秋至那晚,皇城的夜似乎沒有黎明一般,鮮血從城門延至皇宮,如同一條血河一般,廝殺,哀嚎,慘叫,聲聲響徹雲霄。
皇宮中人人自危,抱着包裹,搶着各宮各殿的珍寶爭先恐後的逃跑,生怕再遲一刻便成了刀下魂。
西麗皇朝顧帝崇尚暴|政,在位三年,苛徵賦稅,斬殺無數無辜百姓,天怒民怨,流放的靖王不滿顧帝暴|政,領民兵起義,一路攻打到皇城,直逼皇宮。
三宮六院的主人除卻鳳兮宮,各個都帶着珍寶玉器逃跑,唯獨那鳳兮宮的皇后不爲所動。
鳳兮宮的宮女臉色着急的跑進殿中,大喊道:“皇后娘娘,一刻鐘錢陛下帶着肖妃從密道逃出了皇宮,靖王叛軍也已經攻破了宮門,直逼後宮!”
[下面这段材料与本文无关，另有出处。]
(* connection form in the adapted frame, as an so(7) = Lambda^2-valued 1-form,
   using e^{jk} <-> e^j (x) e_k - e^k (x) e_j *)
Definition connForm (c : nat -> nat -> nat -> R) (i : nat) : form2 :=
  fun j k => LC c i j k.

(* spanning set of so(4) inside Lambda^2 = so(7) *)
Definition so4gen (t : nat) : form2 :=
  match t with
  | 0%nat => add2 (wedge (E 1) (E 2)) (wedge (E 3) (E 4))
  | 1%nat => add2 (wedge (E 1) (E 3)) (wedge (E 4) (E 2))
  | 2%nat => add2 (wedge (E 1) (E 4)) (wedge (E 2) (E 3))
  | 3%nat => add2 (omega 1) (scal2 (-2) (wedge (W 2) (W 3)))
  | 4%nat => add2 (omega 2) (scal2 (-2) (wedge (W 3) (W 1)))
  | 5%nat => add2 (omega 3) (scal2 (-2) (wedge (W 1) (W 2)))
  | _ => zero2
  end.

(* standard inner product on 2-forms (the e^{jk}, j<k, orthonormal) *)
Definition ip2 (a b : form2) : R :=
  / 2 * sum7 (fun j => sum7 (fun k => a j k * b j k)).

(* orthogonal projection onto so(4)^perp; the six generators are pairwise
   orthogonal, so this is the standard orthogonal projection *)
Definition projPerp (a : form2) : form2 := fun j k =>
  a j k - (ip2 a (so4gen 0) / ip2 (so4gen 0) (so4gen 0) * so4gen 0 j k
         + ip2 a (so4gen 1) / ip2 (so4gen 1) (so4gen 1) * so4gen 1 j k
         + ip2 a (so4gen 2) / ip2 (so4gen 2) (so4gen 2) * so4gen 2 j k
         + ip2 a (so4gen 3) / ip2 (so4gen 3) (so4gen 3) * so4gen 3 j k
         + ip2 a (so4gen 4) / ip2 (so4gen 4) (so4gen 4) * so4gen 4 j k
         + ip2 a (so4gen 5) / ip2 (so4gen 5) (so4gen 5) * so4gen 5 j k).

Definition intrinsicTorsion (c : nat -> nat -> nat -> R) (i : nat) : form2 :=
  projPerp (connForm c i).

Definition InSo4 (A : form2) : Prop :=
  exists x : nat -> R, forall j k, (j < 7)%nat -> (k < 7)%nat ->
    A j k = x 0%nat * so4gen 0 j k + x 1%nat * so4gen 1 j k + x 2%nat * so4gen 2 j k
          + x 3%nat * so4gen 3 j k + x 4%nat * so4gen 4 j k + x 5%nat * so4gen 5 j k.

(* infinitesimal action of A in so(7) (A e_a = sum_b A a b e_b) on
   xi in T^* (x) Lambda^2 T^*, xi i j k = xi(e_i)(e_j, e_k) *)
Definition actT (A : form2) (xi : nat -> form2) (i j k : nat) : R :=
  - sum7 (fun m => A i m * xi m j k + A j m * xi i m k + A k m * xi i j m).

(* invariance under SO(4) (connected, so equivalent to annihilation by so(4)) *)
Definition IsSO4Invariant (xi : nat -> form2) : Prop :=
  forall A, InSo4 A -> forall i j k, (i < 7)%nat -> (j < 7)%nat -> (k < 7)%nat ->
    actT A xi i j k = 0.

From Stdlib Require Import Reals Lia ZArith List Bool.
Open Scope R_scope.

(* The structure constants are linear in (p, q, r): [bracket p q r = p P + q Q + r R]
   for integer tables P, Q, R read off the structure equations.  The Jacobi sum is
   then a quadratic form in (p, q, r); computing its coefficients shows that only
   the combinations pq, pr and r(q + 2r) survive, which the hypotheses kill.
   The intrinsic torsion is linear in the structure constants and the so(4)-action
   is linear in both arguments, so invariance reduces to the vanishing of the action
   of the six generators of so(4) on the torsion of P, Q and R separately: finitely
   many integer identities, decided by computation. *)

Lemma lt7_cases (i : nat) : (i < 7)%nat ->
  i = 0%nat \/ i = 1%nat \/ i = 2%nat \/ i = 3%nat \/ i = 4%nat \/ i = 5%nat \/ i = 6%nat.
Proof. lia. Qed.

Ltac destruct_lt7 i H :=
  destruct (lt7_cases i H) as [ -> | [ -> | [ -> | [ -> | [ -> | [ -> | -> ] ] ] ] ] ].

Ltac push_IZR :=
  repeat first [rewrite plus_IZR | rewrite mult_IZR | rewrite minus_IZR | rewrite opp_IZR].

Definition sumZ7 (f : nat -> Z) : Z :=
  (f 0%nat + f 1%nat + f 2%nat + f 3%nat + f 4%nat + f 5%nat + f 6%nat)%Z.

Lemma sum7_ext (f g : nat -> R) : (forall m, f m = g m) -> sum7 f = sum7 g.
Proof. intro H; unfold sum7; rewrite !H; reflexivity. Qed.

Lemma sum7_lincomb3 (a b d : R) (f g h : nat -> R) :
  sum7 (fun m => a * f m + b * g m + d * h m) = a * sum7 f + b * sum7 g + d * sum7 h.
Proof. unfold sum7; ring. Qed.

Lemma sum7_ext_lt7 (f g : nat -> R) :
  (forall m, (m < 7)%nat -> f m = g m) -> sum7 f = sum7 g.
Proof. intro H; unfold sum7; rewrite !H by lia; reflexivity. Qed.

Definition all7 (f : nat -> bool) : bool := forallb f (seq 0 7).

Lemma all7P (f : nat -> bool) : all7 f = true -> forall i, (i < 7)%nat -> f i = true.
Proof.
  unfold all7; rewrite forallb_forall; intros H i Hi; apply H, in_seq; lia.
Qed.

(* Structure constants are kept as integer tables (indices 0..6), so that the
   finitely many identities they satisfy are decided by [vm_compute]. *)
Definition table := nat -> nat -> nat -> Z.

Definition tableR (X : table) (i j k : nat) : R := IZR (X i j k).

Definition lincomb3 (a b d : R) (c1 c2 c3 : nat -> nat -> nat -> R) (i j k : nat) : R :=
  a * c1 i j k + b * c2 i j k + d * c3 i j k.

Definition bracket_p (a b c : nat) : Z :=
 match a, b, c with
 | 0%nat, 1%nat, 4%nat => (-1)%Z
 | 0%nat, 2%nat, 5%nat => (-1)%Z
 | 0%nat, 3%nat, 6%nat => (-1)%Z
 | 1%nat, 0%nat, 4%nat => (1)%Z
 | 1%nat, 2%nat, 6%nat => (1)%Z
 | 1%nat, 3%nat, 5%nat => (-1)%Z
 | 2%nat, 0%nat, 5%nat => (1)%Z
 | 2%nat, 1%nat, 6%nat => (-1)%Z
 | 2%nat, 3%nat, 4%nat => (1)%Z
 | 3%nat, 0%nat, 6%nat => (1)%Z
 | 3%nat, 1%nat, 5%nat => (1)%Z
 | 3%nat, 2%nat, 4%nat => (-1)%Z
 | _, _, _ => 0%Z end.

Definition bracket_q (a b c : nat) : Z :=
 match a, b, c with
 | 4%nat, 5%nat, 6%nat => (-1)%Z
 | 4%nat, 6%nat, 5%nat => (1)%Z
 | 5%nat, 4%nat, 6%nat => (1)%Z
 | 5%nat, 6%nat, 4%nat => (-1)%Z
 | 6%nat, 4%nat, 5%nat => (-1)%Z
 | 6%nat, 5%nat, 4%nat => (1)%Z
 | _, _, _ => 0%Z end.

Definition bracket_r (a b c : nat) : Z :=
 match a, b, c with
 | 0%nat, 4%nat, 1%nat => (1)%Z
 | 0%nat, 5%nat, 2%nat => (1)%Z
 | 0%nat, 6%nat, 3%nat => (1)%Z
 | 1%nat, 4%nat, 0%nat => (-1)%Z
 | 1%nat, 5%nat, 3%nat => (1)%Z
 | 1%nat, 6%nat, 2%nat => (-1)%Z
 | 2%nat, 4%nat, 3%nat => (-1)%Z
 | 2%nat, 5%nat, 0%nat => (-1)%Z
 | 2%nat, 6%nat, 1%nat => (1)%Z
 | 3%nat, 4%nat, 2%nat => (1)%Z
 | 3%nat, 5%nat, 1%nat => (-1)%Z
 | 3%nat, 6%nat, 0%nat => (-1)%Z
 | 4%nat, 0%nat, 1%nat => (-1)%Z
 | 4%nat, 1%nat, 0%nat => (1)%Z
 | 4%nat, 2%nat, 3%nat => (1)%Z
 | 4%nat, 3%nat, 2%nat => (-1)%Z
 | 5%nat, 0%nat, 2%nat => (-1)%Z
 | 5%nat, 1%nat, 3%nat => (-1)%Z
 | 5%nat, 2%nat, 0%nat => (1)%Z
 | 5%nat, 3%nat, 1%nat => (1)%Z
 | 6%nat, 0%nat, 3%nat => (-1)%Z
 | 6%nat, 1%nat, 2%nat => (1)%Z
 | 6%nat, 2%nat, 1%nat => (-1)%Z
 | 6%nat, 3%nat, 0%nat => (1)%Z
 | _, _, _ => 0%Z end.

Definition so4genZ (a b c : nat) : Z :=
 match a, b, c with
 | 0%nat, 0%nat, 1%nat => (1)%Z
 | 0%nat, 1%nat, 0%nat => (-1)%Z
 | 0%nat, 2%nat, 3%nat => (1)%Z
 | 0%nat, 3%nat, 2%nat => (-1)%Z
 | 1%nat, 0%nat, 2%nat => (1)%Z
 | 1%nat, 1%nat, 3%nat => (-1)%Z
 | 1%nat, 2%nat, 0%nat => (-1)%Z
 | 1%nat, 3%nat, 1%nat => (1)%Z
 | 2%nat, 0%nat, 3%nat => (1)%Z
 | 2%nat, 1%nat, 2%nat => (1)%Z
 | 2%nat, 2%nat, 1%nat => (-1)%Z
 | 2%nat, 3%nat, 0%nat => (-1)%Z
 | 3%nat, 0%nat, 1%nat => (1)%Z
 | 3%nat, 1%nat, 0%nat => (-1)%Z
 | 3%nat, 2%nat, 3%nat => (-1)%Z
 | 3%nat, 3%nat, 2%nat => (1)%Z
 | 3%nat, 5%nat, 6%nat => (-2)%Z
 | 3%nat, 6%nat, 5%nat => (2)%Z
 | 4%nat, 0%nat, 2%nat => (1)%Z
 | 4%nat, 1%nat, 3%nat => (1)%Z
 | 4%nat, 2%nat, 0%nat => (-1)%Z
 | 4%nat, 3%nat, 1%nat => (-1)%Z
 | 4%nat, 4%nat, 6%nat => (2)%Z
 | 4%nat, 6%nat, 4%nat => (-2)%Z
 | 5%nat, 0%nat, 3%nat => (1)%Z
 | 5%nat, 1%nat, 2%nat => (-1)%Z
 | 5%nat, 2%nat, 1%nat => (1)%Z
 | 5%nat, 3%nat, 0%nat => (-1)%Z
 | 5%nat, 4%nat, 5%nat => (-2)%Z
 | 5%nat, 5%nat, 4%nat => (2)%Z
 | _, _, _ => 0%Z end.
“皇后娘娘,快逃。”跪在皇后軟塌下的,有數個宮女太監都勸着她快走。
坐在軟塌上的女子只是淺淺一笑,儘讓後宮妃黛無顏色,女子鎮定從容,把一旁收拾好的金飾拿了出來:“這裏是一些沒有宮廷印記的金飾,你們逃出去之後再找個地方典當了吧。”
“娘娘不走,奴婢等人也不走!”在鳳兮宮中的,個個都是忠心護主的。
楚靈汐搖了搖頭,看出殿門外,看着那沖天的火光,似乎有所期待一樣:“這是本宮要承受的,本宮不想連累你們。”
她等了三年,終於等到了今日,若是今日逃了,或許以後再也見不到那個人了,若是今晚便是她活着的最後一個晚上,她只想看一眼那個人。
一眼,此生便不再悔。
“皇后娘娘!”
宮女和奴婢正要再勸,重重的兵靴腳步聲從鳳兮宮四面八方傳來。
鳳兮宮,被包圍了。
“鳳兮宮中的人聽着,靖王有令,若不反抗,皆可從輕發落。”
……
楚靈汐閉上了眼睛:“你若是要殺我,我不會反抗,但求你留下鳳兮宮其他人一命。”
楚靈汐察覺到那劍已經抬了起來,她以爲下一瞬間,那長劍便被從她的脖子砍下,但下一瞬間她驀地睜開了眼神,震驚無比的看着眼前的男人。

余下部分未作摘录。